(* Let the finite algebra be $M_{N_i}(\mathbb{C}) \oplus M_{N_j}(\mathbb{C})$ and let the finite Hilbert space of a real, even finite spectral triple of KO-dimension $6$ consist of two building blocks $\mathcal{B}_i$ and $\mathcal{B}_j$ of the first type (i.e. two copies $M_{N_i}(\mathbb{C})_L\oplus M_{N_i}(\mathbb{C})_R$ and $M_{N_j}(\mathbb{C})_L\oplus M_{N_j}(\mathbb{C})_R$ of the adjoint representations, with opposite grading), together with the representation $\mathbf{N}_i\otimes\mathbf{N}_j^o$ (grading $+$) and its conjugate $\mathbf{N}_j\otimes\mathbf{N}_i^o$ (grading $-$). Then on the basis $$\mathbf{N}_i\otimes\mathbf{N}_j^o \oplus M_{N_i}(\mathbb{C})_L \oplus M_{N_i}(\mathbb{C})_R \oplus M_{N_j}(\mathbb{C})_L \oplus M_{N_j}(\mathbb{C})_R \oplus \mathbf{N}_j\otimes\mathbf{N}_i^o$$ the most general finite Dirac operator is $$D_F = \begin{pmatrix} 0 & 0 & A & 0 & B & 0\\ 0 & 0 & M_i & 0 & 0 & JA^*J^*\\ A^* & M_i^* & 0 & 0 & 0 & 0\\ 0 & 0 & 0 & 0 & M_j & JB^*J^*\\ B^* & 0 & 0 & M_j^* & 0 & 0\\ 0 & JAJ^* & 0 & JBJ^* & 0 & 0 \end{pmatrix}$$ with $A : M_{N_i}(\mathbb{C})_R \to \mathbf{N}_i\otimes\mathbf{N}_j^o$ and $B : M_{N_j}(\mathbb{C})_R \to \mathbf{N}_i\otimes\mathbf{N}_j^o$, and $M_i$, $M_j$ maps between the two copies of the respective adjoint representations.
   Context: $D_F$ is required to be self-adjoint, to anticommute with the grading $\gamma_F$, to commute with the real structure $J_F$ (which interchanges the $L$ and $R$ copies while taking adjoints, $J_F(m,n)=(n^*,m^* )$, and maps $\mathbf{N}_i\otimes\mathbf{N}_j^o$ to its conjugate), and to satisfy the first-order condition $[[D_F,a],Jb J^{-1}]=0$ for all $a,b$ in the algebra. *)

(* Complex numbers are modelled by algC (algebraic complex
   numbers, a numClosedFieldType with conjugation z^* ). *)
From HB Require Import structures.
From mathcomp Require Import all_boot all_order all_algebra algC.
Set Implicit Arguments. Unset Strict Implicit. Unset Printing Implicit Defensive.
Import Order.TTheory GRing.Theory Num.Theory.
Local Open Scope ring_scope.

Definition mxadj (m n : nat) (x : 'M[algC]_(m, n)) : 'M[algC]_(n, m) :=
  (map_mx (fun z : algC => z^*) x)^T.

Definition hs (m n : nat) (x y : 'M[algC]_(m, n)) : algC :=
  \sum_(i < m) \sum_(j < n) (x i j)^* * y i j.

(** Hilbert-space adjoint (w.r.t. the Hilbert--Schmidt inner products) of a
    linear map between matrix spaces, written out in the standard basis
    (delta_mx k l) of matrix units:  <f x, y> = <x, opadj f y>. *)
Definition opadj (m n p q : nat) (f : 'M[algC]_(m, n) -> 'M[algC]_(p, q))
  (y : 'M[algC]_(p, q)) : 'M[algC]_(m, n) :=
  \matrix_(k < m, l < n)
     \sum_(r < p) \sum_(s < q) ((f (delta_mx k l)) r s)^* * y r s.

(** The finite Hilbert space, in the order of the basis of the paper:
    N_i (x) N_j^o  (+)  M_{N_i}(C)_L  (+)  M_{N_i}(C)_R
                   (+)  M_{N_j}(C)_L  (+)  M_{N_j}(C)_R  (+)  N_j (x) N_i^o.
    N_i (x) N_j^o is realised as N_i x N_j complex matrices. *)
Notation Hsp ni nj :=
  ('M[algC]_(ni, nj) * 'M[algC]_ni * 'M[algC]_ni * 'M[algC]_nj * 'M[algC]_nj
   * 'M[algC]_(nj, ni))%type.

Definition hip (ni nj : nat) (h k : Hsp ni nj) : algC :=
  let: (X, mL, mR, nL, nR, Y) := h in
  let: (X', mL', mR', nL', nR', Y') := k in
  hs X X' + hs mL mL' + hs mR mR' + hs nL nL' + hs nR nR' + hs Y Y'.

Definition rep (ni nj : nat) (a : 'M[algC]_ni) (b : 'M[algC]_nj)
  (h : Hsp ni nj) : Hsp ni nj :=
  let: (X, mL, mR, nL, nR, Y) := h in
  (a *m X, a *m mL, a *m mR, b *m nL, b *m nR, b *m Y).

Definition grad (ni nj : nat) (h : Hsp ni nj) : Hsp ni nj :=
  let: (X, mL, mR, nL, nR, Y) := h in
  (X, mL, - mR, nL, - nR, - Y).

Definition Jr (ni nj : nat) (h : Hsp ni nj) : Hsp ni nj :=
  let: (X, mL, mR, nL, nR, Y) := h in
  (mxadj Y, mxadj mR, mxadj mL, mxadj nR, mxadj nL, mxadj X).


Definition opcomm (ni nj : nat) (S U : Hsp ni nj -> Hsp ni nj)
  (h : Hsp ni nj) : Hsp ni nj := S (U h) - U (S h).

(** D is a finite Dirac operator for the real even spectral triple:
    self-adjoint, anticommutes with the grading, commutes with J, and
    satisfies the first-order condition [[D, a], J b J^{-1}] = 0
    (here J^{-1} = J). *)
Definition finite_Dirac (ni nj : nat) (D : Hsp ni nj -> Hsp ni nj) : Prop :=
  [/\ (forall h k, hip (D h) k = hip h (D k)),
      (forall h, D (grad h) = - grad (D h)),
      (forall h, D (Jr h) = Jr (D h)) &
      (forall (a c : 'M[algC]_ni) (b d : 'M[algC]_nj) (h : Hsp ni nj),
         opcomm (opcomm D (rep a b)) (fun k => Jr (rep c d (Jr k))) h = 0)].

(** The block form of the theorem, applied to a vector h, on the basis
    (N_i (x) N_j^o, M_{N_i L}, M_{N_i R}, M_{N_j L}, M_{N_j R}, N_j (x) N_i^o):
        row 1:  A mR + B nR
        row 2:  M_i mR + (J A^* J^* ) Y
        row 3:  A^* X + M_i^* mL
        row 4:  M_j nR + (J B^* J^* ) Y
        row 5:  B^* X + M_j^* nL
        row 6:  (J A J^* ) mL + (J B J^* ) nL                                  *)
Definition block_Dirac (ni nj : nat)
  (A : 'M[algC]_ni -> 'M[algC]_(ni, nj)) (B : 'M[algC]_nj -> 'M[algC]_(ni, nj))
  (Mi : 'M[algC]_ni -> 'M[algC]_ni) (Mj : 'M[algC]_nj -> 'M[algC]_nj)
  (h : Hsp ni nj) : Hsp ni nj :=
  let: (X, mL, mR, nL, nR, Y) := h in
  (A mR + B nR,
   Mi mR + mxadj (opadj A (mxadj Y)),
   opadj A X + opadj Mi mL,
   Mj nR + mxadj (opadj B (mxadj Y)),
   opadj B X + opadj Mj nL,
   mxadj (A (mxadj mL)) + mxadj (B (mxadj nL))).

From HB Require Import structures.
From mathcomp Require Import all_boot all_order all_algebra algC.
Set Implicit Arguments. Unset Strict Implicit. Unset Printing Implicit Defensive.
Import GRing.Theory Num.Theory.
Local Open Scope ring_scope.

(* D anticommutes with the grading, so it maps the even summands
   N_i (x) N_j^o, M_{N_i,L}, M_{N_j,L} to the odd summands M_{N_i,R}, M_{N_j,R},
   N_j (x) N_i^o and vice versa.  For a = b = (1, 0), the element a acts as the
   projection P onto the summands on which M_{N_i} acts from the left, and
   J b J^-1 as the projection Q onto those on which it acts from the right; the
   first-order condition [[D, P], Q] = 0 kills the three entries linking
   N_i (x) N_j^o to N_j (x) N_i^o and M_{N_i} to M_{N_j}.  Self-adjointness
   identifies the remaining blocks below the diagonal with adjoints of those
   above it, and commutation with J carries the columns of M_{N_i,R}, M_{N_j,R}
   and N_i (x) N_j^o over to those of M_{N_i,L}, M_{N_j,L} and N_j (x) N_i^o. *)

Lemma eqvN0 (R : numFieldType) (V : lmodType R) (v : V) : v = - v -> v = 0.
Proof.
move=> vN; have : 2%:R *: v == 0 by rewrite scaler_nat mulr2n {1}vN addNr.
by rewrite scaler_eq0 pnatr_eq0 /= => /eqP.
Qed.

Arguments eqvN0 R {V v}.

Lemma pairD (U V : nmodType) (u u' : U) (v v' : V) :
  ((u, v) : U * V) + (u', v') = (u + u', v + v').
Proof. by []. Qed.

Lemma pairN (U V : zmodType) (u : U) (v : V) : - ((u, v) : U * V) = (- u, - v).
Proof. by []. Qed.

Lemma pairZ (R : pzRingType) (U V : lmodType R) (a : R) (u : U) (v : V) :
  a *: ((u, v) : U * V) = (a *: u, a *: v).
Proof. by []. Qed.

Section Adjoints.

Variables m n : nat.

Lemma mxadj0 : mxadj (0 : 'M[algC]_(m, n)) = 0.
Proof. by apply/matrixP=> i j; rewrite !mxE conjC0. Qed.

Lemma mxadjK (x : 'M[algC]_(m, n)) : mxadj (mxadj x) = x.
Proof. by apply/matrixP=> i j; rewrite !mxE conjCK. Qed.

Lemma hs0l (x : 'M[algC]_(m, n)) : hs 0 x = 0.
Proof. by apply: big1 => i _; apply: big1 => j _; rewrite mxE conjC0 mul0r. Qed.

Lemma hs0r (x : 'M[algC]_(m, n)) : hs x 0 = 0.
Proof. by apply: big1 => i _; apply: big1 => j _; rewrite mxE mulr0. Qed.

Lemma hs_delta_mx (k : 'I_m) (l : 'I_n) (z : 'M[algC]_(m, n)) :
  hs (delta_mx k l) z = z k l.
Proof.
rewrite /hs (bigD1 k) //= [X in _ + X]big1 => [|i /negbTE ik]; last first.
  by apply: big1 => j _; rewrite mxE ik conjC0 mul0r.
rewrite addr0 (bigD1 l) //= [X in _ + X]big1 => [|j /negbTE jl]; last first.
  by rewrite mxE jl andbF conjC0 mul0r.
by rewrite mxE !eqxx conjC1 mul1r addr0.
Qed.

Lemma opadj_unique p q (f : 'M[algC]_(m, n) -> 'M[algC]_(p, q)) g :
  (forall x y, hs (f x) y = hs x (g y)) -> g =1 opadj f.
Proof.
move=> fg y; apply/matrixP=> k l.
by rewrite mxE -hs_delta_mx -fg.
Qed.

End Adjoints.

Section FiniteDirac.

Variables ni nj : nat.
Implicit Types h : Hsp ni nj.

Definition projL_i h : Hsp ni nj :=
  let: (X, mL, mR, _, _, _) := h in (X, mL, mR, 0, 0, 0).

Definition projR_i h : Hsp ni nj :=
  let: (_, mL, mR, _, _, Y) := h in (0, mL, mR, 0, 0, Y).

Lemma rep10E h : rep 1 0 h = projL_i h.
Proof. by case: h => [[[[[? ?] ?] ?] ?] ?]; rewrite /= !mul1mx !mul0mx. Qed.

Lemma Jr_rep10_JrE h : Jr (rep 1 0 (Jr h)) = projR_i h.
Proof.
by case: h => [[[[[? ?] ?] ?] ?] ?]; rewrite /= !mul1mx !mul0mx !mxadj0 !mxadjK.
Qed.

Lemma JrK h : Jr (Jr h) = h.
Proof. by case: h => [[[[[? ?] ?] ?] ?] ?]; rewrite /= !mxadjK. Qed.

Lemma hipE h k : hip h k =
  hs h.1.1.1.1.1 k.1.1.1.1.1 + hs h.1.1.1.1.2 k.1.1.1.1.2 + hs h.1.1.1.2 k.1.1.1.2
  + hs h.1.1.2 k.1.1.2 + hs h.1.2 k.1.2 + hs h.2 k.2.
Proof. by case: h => [[[[[? ?] ?] ?] ?] ?]; case: k => [[[[[? ?] ?] ?] ?] ?]. Qed.

Variable D : {linear Hsp ni nj -> Hsp ni nj}.
Hypothesis HD : finite_Dirac D.

Lemma Dirac_first_order_i h : opcomm (opcomm D projL_i) projR_i h = 0.
Proof.
by case: HD => _ _ _ /(_ 1 1 0 0 h); rewrite /opcomm !Jr_rep10_JrE !rep10E.
Qed.

Lemma Dirac_grad_even h : grad h = h -> grad (D h) = - D h.
Proof. by case: HD => _ Dgrad _ _ gh; rewrite -[LHS]opprK -Dgrad gh. Qed.

Lemma Dirac_grad_odd h : grad h = - h -> grad (D h) = D h.
Proof. by case: HD => _ Dgrad _ _ gh; rewrite -[LHS]opprK -Dgrad gh linearN opprK. Qed.

Lemma Dirac_JrE h : D h = Jr (D (Jr h)).
Proof. by case: HD => _ _ DJ _; rewrite -DJ JrK. Qed.

Lemma Dirac_self_adjoint h k : hip (D h) k = hip h (D k).
Proof. by case: HD. Qed.

Lemma Dirac0 : D (0, 0, 0, 0, 0, 0) = 0.
Proof. exact: linear0. Qed.

Definition blockA z := (D (0, 0, z, 0, 0, 0)).1.1.1.1.1.
Definition blockB z := (D (0, 0, 0, 0, z, 0)).1.1.1.1.1.
Definition blockMi z := (D (0, 0, z, 0, 0, 0)).1.1.1.1.2.
Definition blockMj z := (D (0, 0, 0, 0, z, 0)).1.1.2.

Lemma linear_comb_MiR a x y : (0, 0, a *: x + y, 0, 0, 0) =
  a *: (0, 0, x, 0, 0, 0) + (0, 0, y, 0, 0, 0) :> Hsp ni nj.
Proof. by rewrite !pairZ !pairD !scaler0 !addr0. Qed.

Lemma linear_comb_MjR a x y : (0, 0, 0, 0, a *: x + y, 0) =
  a *: (0, 0, 0, 0, x, 0) + (0, 0, 0, 0, y, 0) :> Hsp ni nj.
Proof. by rewrite !pairZ !pairD !scaler0 !addr0. Qed.

Lemma blockA_linear : linear blockA.
Proof.
move=> a x y; rewrite /blockA linear_comb_MiR linearP.
by case: (D _) (D _) => [[[[[? ?] ?] ?] ?] ?] [[[[[? ?] ?] ?] ?] ?]; rewrite !pairZ !pairD.
Qed.

Lemma blockB_linear : linear blockB.
Proof.
move=> a x y; rewrite /blockB linear_comb_MjR linearP.
by case: (D _) (D _) => [[[[[? ?] ?] ?] ?] ?] [[[[[? ?] ?] ?] ?] ?]; rewrite !pairZ !pairD.
Qed.

Lemma blockMi_linear : linear blockMi.
Proof.
move=> a x y; rewrite /blockMi linear_comb_MiR linearP.
by case: (D _) (D _) => [[[[[? ?] ?] ?] ?] ?] [[[[[? ?] ?] ?] ?] ?]; rewrite !pairZ !pairD.
Qed.

Lemma blockMj_linear : linear blockMj.
Proof.
move=> a x y; rewrite /blockMj linear_comb_MjR linearP.
by case: (D _) (D _) => [[[[[? ?] ?] ?] ?] ?] [[[[[? ?] ?] ?] ?] ?]; rewrite !pairZ !pairD.
Qed.

HB.instance Definition _ := GRing.isLinear.Build algC _ _ _ blockA blockA_linear.
HB.instance Definition _ := GRing.isLinear.Build algC _ _ _ blockB blockB_linear.
HB.instance Definition _ := GRing.isLinear.Build algC _ _ _ blockMi blockMi_linear.
HB.instance Definition _ := GRing.isLinear.Build algC _ _ _ blockMj blockMj_linear.

Lemma Dirac_on_Nij X :
  D (X, 0, 0, 0, 0, 0) = (0, 0, opadj blockA X, 0, opadj blockB X, 0).
Proof.
have adjA y : (D (y, 0, 0, 0, 0, 0)).1.1.1.2 = opadj blockA y.
  move: y; apply: opadj_unique => x y.
  have := Dirac_self_adjoint (0, 0, x, 0, 0, 0) (y, 0, 0, 0, 0, 0).
  by rewrite !hipE /= !hs0r !hs0l !addr0 !add0r.
have adjB y : (D (y, 0, 0, 0, 0, 0)).1.2 = opadj blockB y.
  move: y; apply: opadj_unique => x y.
  have := Dirac_self_adjoint (0, 0, 0, 0, x, 0) (y, 0, 0, 0, 0, 0).
  by rewrite !hipE /= !hs0r !hs0l !addr0 !add0r.
have := Dirac_first_order_i (X, 0, 0, 0, 0, 0).
have := @Dirac_grad_even (X, 0, 0, 0, 0, 0); rewrite /= !oppr0 => /(_ erefl).
rewrite -adjA -adjB /opcomm /= Dirac0.
case: (D _) => [[[[[v1 v2] v3] v4] v5] v6] /=.
move=> [] /(eqvN0 algC)-> /(eqvN0 algC)-> /(eqvN0 algC)-> [] _ _ _ _ _.
by rewrite subrr sub0r subr0 => /eqP; rewrite oppr_eq0 => /eqP->.
Qed.

Lemma Dirac_on_MiR m : D (0, 0, m, 0, 0, 0) = (blockA m, blockMi m, 0, 0, 0, 0).
Proof.
have := Dirac_first_order_i (0, 0, m, 0, 0, 0).
have := @Dirac_grad_odd (0, 0, m, 0, 0, 0); rewrite /= !pairN !oppr0 => /(_ erefl).
rewrite /opcomm /blockA /blockMi /=.
case: (D _) => [[[[[v1 v2] v3] v4] v5] v6] /=.
by move=> [] /esym/(eqvN0 algC)-> /esym/(eqvN0 algC)-> /esym/(eqvN0 algC)->
  [] _ _ _; rewrite !subr0 => ->.
Qed.

Lemma Dirac_on_MjR n : D (0, 0, 0, 0, n, 0) = (blockB n, 0, 0, blockMj n, 0, 0).
Proof.
have := Dirac_first_order_i (0, 0, 0, 0, n, 0).
have := @Dirac_grad_odd (0, 0, 0, 0, n, 0); rewrite /= !pairN !oppr0 => /(_ erefl).
rewrite /opcomm /blockB /blockMj /= Dirac0.
case: (D _) => [[[[[v1 v2] v3] v4] v5] v6] /=.
by move=> [] /esym/(eqvN0 algC)-> /esym/(eqvN0 algC)-> /esym/(eqvN0 algC)->
  [] _; rewrite subrr !sub0r opprK => ->.
Qed.

Lemma Dirac_on_MiL m :
  D (0, m, 0, 0, 0, 0) = (0, 0, opadj blockMi m, 0, 0, mxadj (blockA (mxadj m))).
Proof.
have adjMi y : (D (0, y, 0, 0, 0, 0)).1.1.1.2 = opadj blockMi y.
  move: y; apply: opadj_unique => x y.
  have := Dirac_self_adjoint (0, 0, x, 0, 0, 0) (0, y, 0, 0, 0, 0).
  by rewrite !hipE /= !hs0r !hs0l !addr0 !add0r.
by rewrite -adjMi Dirac_JrE /= !mxadj0 Dirac_on_MiR /= !mxadj0.
Qed.

Lemma Dirac_on_MjL n :
  D (0, 0, 0, n, 0, 0) = (0, 0, 0, 0, opadj blockMj n, mxadj (blockB (mxadj n))).
Proof.
have adjMj y : (D (0, 0, 0, y, 0, 0)).1.2 = opadj blockMj y.
  move: y; apply: opadj_unique => x y.
  have := Dirac_self_adjoint (0, 0, 0, 0, x, 0) (0, 0, 0, y, 0, 0).
  by rewrite !hipE /= !hs0r !hs0l !addr0 !add0r.
by rewrite -adjMj Dirac_JrE /= !mxadj0 Dirac_on_MjR /= !mxadj0.
Qed.

Lemma Dirac_on_Nji Y : D (0, 0, 0, 0, 0, Y) =
  (0, mxadj (opadj blockA (mxadj Y)), 0, mxadj (opadj blockB (mxadj Y)), 0, 0).
Proof. by rewrite Dirac_JrE /= !mxadj0 Dirac_on_Nij /= !mxadj0. Qed.

End FiniteDirac.

Theorem mainTheorem2 (ni nj : nat) (hni : (0 < ni)%N) (hnj : (0 < nj)%N)
  (D : {linear Hsp ni nj -> Hsp ni nj}) :
  finite_Dirac D ->
  exists (A : {linear 'M[algC]_ni -> 'M[algC]_(ni, nj)})
         (B : {linear 'M[algC]_nj -> 'M[algC]_(ni, nj)})
         (Mi : {linear 'M[algC]_ni -> 'M[algC]_ni})
         (Mj : {linear 'M[algC]_nj -> 'M[algC]_nj}),
    forall h : Hsp ni nj, D h = block_Dirac A B Mi Mj h.
Proof.
move=> HD; exists (blockA D), (blockB D), (blockMi D), (blockMj D).
case=> [[[[[X mL] mR] nL] nR] Y].
have -> : (X, mL, mR, nL, nR, Y) = (X, 0, 0, 0, 0, 0) + (0, mL, 0, 0, 0, 0)
    + (0, 0, mR, 0, 0, 0) + (0, 0, 0, nL, 0, 0) + (0, 0, 0, 0, nR, 0)
    + (0, 0, 0, 0, 0, Y) :> Hsp ni nj.
  by rewrite !pairD !addr0 !add0r.
rewrite !linearD Dirac_on_Nij // Dirac_on_MiL // Dirac_on_MiR // Dirac_on_MjL //.
by rewrite Dirac_on_MjR // Dirac_on_Nji // !pairD /= !addr0 !add0r.
Qed.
^^^^^^^^^^^^^^^^
For the word "onto", tally the lines of the listing that include it and give the number alone.

* [Output for this exercise]
2